Друзья и звезды - стр. 28
Б.С. Так это же главное. Все дело и заключается в степени свободы. Шестидесятые похожи на наше время. Ну, точнее, не совсем на наше время, а скорее на эти лихие, бешеные, сумасшедшие девяностые, о которых так любят говорить сторонники державности. Шестидесятые отличаются тем, что количество и качество свободы было несколько ниже. Но ведь очень важно было, что это количество и качество имело-таки место. И оно имеет место сейчас. Даже вот в наше время, когда ограничения свободы налицо. Прямой государственной цензуры, может быть, и нет как встарь. Раньше ведь тоже не было. И существование Главлита – цензурного комитета – было государственным секретом, а в принципе цензуры как бы и не было. Было только мнение редакторов, которые решали, что правильно, а что нет. Что можно, а чего нельзя.
Сейчас нет такой инстанции, которая решала бы, что можно, а что нельзя. Эта инстанция замкнулась в персоналиях. Люди, занимающиеся изданием, теперь лично принимают решения, что можно, а что нельзя. И поскольку людей много, точек зрения много, позиций разнообразных много – значит, и возможностей больше. И ощущение большей свободы безусловно имеет место. Разница, может быть, заключается в том, что в шестидесятые годы всё это было внове. Это был такой неожиданный подарок судьбы, о котором и говорить-то не приходилось в те времена. Более того, ощущение подарка судьбы мы наблюдаем и сейчас в наше время тоже.
…Мне все время кажется, что вокруг меня творится какой-то фантастический непредсказанный мир. А вот чем отличалось наше время от шестидесятых существенно – так тем, что в шестидесятые мы были гораздо большими оптимистами, чем сейчас…
Если бы я обладал параноидальным складом мышления, то я бы сказал: ну вот, Миша, Старший Брат нас слушает. Но Старший Брат не уловил главного из того, что я хотел сказать.

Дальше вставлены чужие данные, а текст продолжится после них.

Lemma neighborhood_trees_of_pieces l Pcs : piece_cover l Pcs ->
  exists TT : {set rtree T},
    (forall t, t \in TT -> neighborhood_tree Cs d t) /\
    (forall t, t \in TT -> (l <= #|rt_V t| <= l ^ 2)%N) /\
    \bigcup_(t in TT) rt_V t = Cs /\
    (forall t t', t \in TT -> t' \in TT -> t != t' ->
       [disjoint (rt_V t :\ rt_r t) & (rt_V t' :\ rt_r t')]).
Proof.
case=> Pgood Pcover Pdisj; exists [set parent_tree par p.2 p.1 | p in Pcs].
split; first by move=> _ /imsetP [p /Pgood [pa _] ->]; apply: admissible_neighborhood_tree.
split; first by move=> _ /imsetP [p /Pgood [_ pl] ->].
split.
  apply/setP => x; apply/bigcupP/idP => [[_ /imsetP [p /Pgood [[_ sub _ _] _] ->]]|].
    exact: (subsetP sub).
  by case/Pcover=> p pP xp; exists (parent_tree par p.2 p.1); first exact: imset_f.
move=> _ _ /imsetP [p pP ->] /imsetP [p' p'P ->] ne.
by apply: Pdisj => //; apply: contraNneq ne => ->.
Qed.

End Pieces.

Section Cards.
Variables (I T : finType).

Lemma card_bigcup_le (G : {set I}) (F : I -> {set T}) :
  #|\bigcup_(i in G) F i| <= \sum_(i in G) #|F i|.
Proof.
elim/big_rec2: _ => [|i n U _ le]; first by rewrite cards0.
by rewrite (leq_trans (leq_card_setU (F i) U)) ?leq_add2l.
Qed.

Lemma card_bigcup_disjoint (G : {set I}) (F : I -> {set T}) :
  {in G &, forall i j, i != j -> [disjoint F i & F j]} ->
  #|\bigcup_(i in G) F i| = \sum_(i in G) #|F i|.
Proof.
elim: {G}_.+1 {-2}G (ltnSn #|G|) => // n IH G leG disF.
have [->|[i iG]] := set_0Vmem G; first by rewrite !big_set0 cards0.
rewrite (big_setD1 i iG) (big_setD1 i iG) /= -IH; first last.
- by move=> j j' /setD1P [_ jG] /setD1P [_ j'G]; apply: disF.
- by move: leG; rewrite (cardsD1 i G) iG.
apply/eqP; rewrite (leq_card_setU _ _).2; apply: bigcup_disjoint => j /setD1P [ji jG].
by apply: disF; rewrite // eq_sym.
Qed.

End Cards.

Section WeightPartition.
Variables (T : finType) (c : T -> nat) (L M : nat).
Hypothesis L_gt0 : 0 < L.

Lemma exists_subset_weight (A : {set T}) : {in A, forall a, c a <= M} ->
  L <= \sum_(a in A) c a ->
  exists2 G : {set T}, G \subset A & L <= \sum_(a in G) c a < L + M.
Proof.
elim: {A}_.+1 {-2}A (ltnSn #|A|) => // n IH A leA cM LA.
have [small|big] := ltnP (\sum_(a in A) c a) (L + M); first by exists A; rewrite ?LA.
have [a aA] : exists a, a \in A.
  by apply/set0Pn; apply: contraTneq LA => ->; rewrite big_set0 -ltnNge.
have [|||G GA GL] := IH (A :\ a).
- by move: leA; rewrite (cardsD1 a A) aA.
- by move=> b /setD1P [_ /cM].
- by move: big; rewrite (big_setD1 a aA) /=; have := cM a aA; lia.
by exists G => //; apply: subset_trans GA (subD1set _ _).
Qed.

Lemma exists_partition_weight (A : {set T}) : {in A, forall a, c a <= M} ->
  L <= \sum_(a in A) c a ->
  exists2 P : {set {set T}}, partition P A &
    {in P, forall G : {set T}, L <= \sum_(a in G) c a < M + 2 * L}.
Proof.
elim: {A}_.+1 {-2}A (ltnSn #|A|) => // n IH A leA cM LA.
have A_neq0 : A != set0 by apply: contraTneq LA => ->; rewrite big_set0 -ltnNge.
have [small|big] := ltnP (\sum_(a in A) c a) (M + 2 * L).
  exists [set A]; last by move=> G /set1P ->; rewrite LA small.
  by rewrite /partition cover1 trivIset1 eqxx inE eq_sym A_neq0.
have [G GA /andP [LG GM]] := exists_subset_weight cM LA.
have G_neq0 : G != set0 by apply: contraTneq LG => ->; rewrite big_set0 -ltnNge.
have sumA : \sum_(a in A) c a = \sum_(a in G) c a + \sum_(a in A :\: G) c a.
  by rewrite (big_setID G) /= (setIidPr GA).
have [|||P PA PL] := IH (A :\: G).
- rewrite (cardsD A G) (setIidPr GA); have := card_gt0 G; rewrite G_neq0.
  by have := subset_leq_card GA; lia.
- by move=> b /setDP [/cM].
- by move: big; rewrite sumA; lia.
exists (G |: P); last by move=> H /setU1P [->|/PL //]; rewrite LG; lia.
rewrite -(setID A G) (setIidPr GA); apply: partitionU1 => //.
by rewrite disjoints_subset; apply/subsetP => x xG; rewrite !inE xG.
Qed.

End WeightPartition.

Lemma nth_rcons_le (T : Type) (x0 x : T) s i :
  i <= size s -> nth x0 (rcons s x) i = nth x s i.
Proof.
rewrite nth_rcons leq_eqVlt => /orP [/eqP ->|lt]; first by rewrite ltnn eqxx nth_default.
by rewrite lt; apply: set_nth_default.
Qed.

Section Chains.
Variables (R : realFieldType) (T : finType) (Cs : {set T}) (d : T -> T -> R) (k : nat).

(* The end point [z] follows the last point of [s], as [nth z s (size s) = z]. *)
Definition nn_chain (s : seq T) (z : T) : Prop :=
  forall m, m < size s -> {in Cs, forall w,
    (d (nth z s m) w < d (nth z s m) (nth z s m.+1))%R -> exists2 j, j <= m & w = nth z s j}.

Lemma nn_chain_rcons s z z' : nn_chain s z ->
  {in Cs :\: [set x in rcons s z], forall u, (d z z' <= d z u)%R} ->
  nn_chain (rcons s z) z'.
Proof.
move=> nn_s z'_min m; rewrite size_rcons ltnS leq_eqVlt => /orP [/eqP ->|ms] w wCs.
  rewrite nth_rcons ltnn eqxx nth_default ?size_rcons // => lt.
  have w_in : w \in rcons s z.
    apply: contraTT lt => w_out; rewrite -leNgt; apply: z'_min.
    by rewrite !inE w_out.
  exists (index w (rcons s z)); last by rewrite nth_index.
  by rewrite -ltnS -(size_rcons s z) index_mem.
rewrite !nth_rcons_le ?(ltnW ms) // => /(nn_s m ms w wCs) [j jm ->].
by exists j => //; rewrite nth_rcons_le // (leq_trans jm (ltnW ms)).
Qed.

Variable Cov : {set T}.

Record attachable_chain (s : seq T) (z : T) : Prop := AttachableChain {
  ac_uniq : uniq s;
  ac_size : 0 < size s <= k;
  ac_new : {subset s <= Cs :\: Cov};
  ac_end : z \in Cs;
  ac_end_notin : z \notin s;
  ac_nn : nn_chain s z;
  ac_stop : z \in Cov \/ size s = k }.

Lemma exists_attachable_chain y : y \in Cs -> y \notin Cov -> 0 < k -> k < #|Cs| ->
  exists s z, attachable_chain s z.
Proof.
move=> yCs yCov k_gt0 kCs.
suff grow : forall n s z, k - size s < n -> uniq (rcons s z) ->
    {subset rcons s z <= Cs :\: Cov} -> size s < k -> nn_chain s z ->
    exists s z, attachable_chain s z.
  by apply: (grow _ [::] y (ltnSn _)) => // x; rewrite inE => /eqP ->; rewrite !inE yCov.
elim=> // n IH s z kn s_uniq s_new s_k nn_s.
set A := Cs :\: [set x in rcons s z].
have [a aA] : exists a, a \in A.
  apply/set0Pn; apply: contraTneq kCs => A0; rewrite -leqNgt.
  have /subset_leq_card : Cs \subset [set x in rcons s z].
    apply/subsetP => x xCs; apply: contraT => xs.
    by rewrite -(in_set0 x) -A0 in_setD xs.
  by rewrite cardsE (card_uniqP s_uniq) size_rcons => /leq_trans; apply.
case: (@arg_minP _ _ _ a (fun u => u \in A) (d z)) => //= z' z'A z'_min.
have [z's z'Cs] : z' \notin rcons s z /\ z' \in Cs by move: z'A; rewrite !inE => /andP [].
have nn_s' := nn_chain_rcons nn_s z'_min.
have [stop|] := boolP ((z' \in Cov) || (size (rcons s z) == k)).
  exists (rcons s z), z'; split => //.
  - by rewrite size_rcons.
  - by case/orP: stop => [->|/eqP ->]; [left|right].
rewrite negb_or => /andP [z'Cov sk].
apply: (IH (rcons s z) z').
- by rewrite size_rcons; lia.
- by rewrite rcons_uniq z's s_uniq.
- by move=> x; rewrite mem_rcons inE => /orP [/eqP ->|/s_new //]; rewrite !inE z'Cov.
- by move: sk; rewrite size_rcons; lia.
- exact: nn_s'.
Qed.

End Chains.

Section BlockForest.
Variables (R : realFieldType) (T : finType) (Cs : {set T}) (d : T -> T -> R) (k : nat).

Definition block (blk : T -> T) (a : T) : {set T} := [set w in Cs | blk w == a].

(* [Cov] is the set of points covered so far, [par] a parent map whose roots are
   its fixed points, [h] a rank decreasing towards the roots, and [blk v] the top
   of the block (chain) through [v]. *)
Record block_forest (Cov : {set T}) (par blk : T -> T) (h : T -> nat) : Prop :=
  BlockForest {
  bf_sub : Cov \subset Cs;
  bf_out : forall v, v \notin Cov -> par v = v /\ blk v = v;
  bf_par : {in Cov, forall v, par v \in Cov};
  bf_rank : forall x, par x != x -> h (par x) < h x;
  bf_anc : {in Cov, forall v, fconnect par v (blk v)};
  bf_blk_par : {in Cov, forall v, v != blk v -> blk (par v) = blk v};
  bf_top : {in Cov, forall v, par v != v -> par (blk v) != blk v};
  bf_block_size : forall a, #|block blk a| <= k;
  bf_root_block : {in Cov, forall r, par r = r -> exists a,
    [/\ a \in Cov, par a = r, a != r, blk a = a & k <= #|block blk a|]};
  bf_nearer : {in Cov, forall v, par v != v -> {in Cs, forall y,
    (d v y < d v (par v))%R -> blk y = blk v /\ fconnect par y v}} }.

Lemma bf_blk Cov par blk h : block_forest Cov par blk h ->
  {in Cov, forall v, blk v \in Cov}.
Proof. by move=> bf v vC; apply: fconnect_closed_in (bf_par bf) vC (bf_anc bf vC). Qed.

Section Extend.
Variables (Cov : {set T}) (par blk : T -> T) (h : T -> nat) (s : seq T) (z : T).
Hypothesis forest : block_forest Cov par blk h.
Hypothesis chain : attachable_chain Cs d k Cov s z.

Я как раз хотел провозгласить славу, в каком-то смысле, конечно, в узком, но все-таки славу, существующему порядку вещей. Дело в том, что чем больше я на эту тему размышляю, тем более прихожу я к оптимистическому выводу, что существование этого волоска свободы зачем-то нужно власть имущим. Зачем? Об этом можно, наверное, целую книжку написать. И, наверное, книжки на эту тему пишутся, просто мы их не читаем. Но зачем-то это нужно. Вот существование этого волоска, обрубить который можно одним только дуновением, – это существование дает надежду на то, что это надолго. Вот навсегда – я не знаю, стоит ли употреблять такой термин, но – надолго.
Поскольку я, в отличие от конца шестидесятых, совершенно убежден в том, что никакой авторитаризм не может существовать сколь угодно долго. Поскольку я убежден, что оттепель очередная, какая там уже, третья или четвертая, является совершенно неизбежной. Она почти не зависит ни от желания народа, ни от желания начальства, а зависит от каких-то совершенно перманентных, очень важных, очень глубоких причин, связанных с психологией власти вообще. Поскольку я вот в этом убежден, для меня существование этого волоска чрезвычайно важно. Его берегут, ничего не стоит его обрубить, но его берегут. Зачем-то это надо. Кто-то хочет его сберечь. Кто-то хочет все-таки оставить ситуацию взвешенной. Никто не хочет прекратить то веяние свободы, которое возникло в конце шестидесятых, – дыхание свободы. Можно было его прекратить, задушить в одно мгновение, в двадцать четыре часа, в пятнадцать минут. Можно, но не делается это.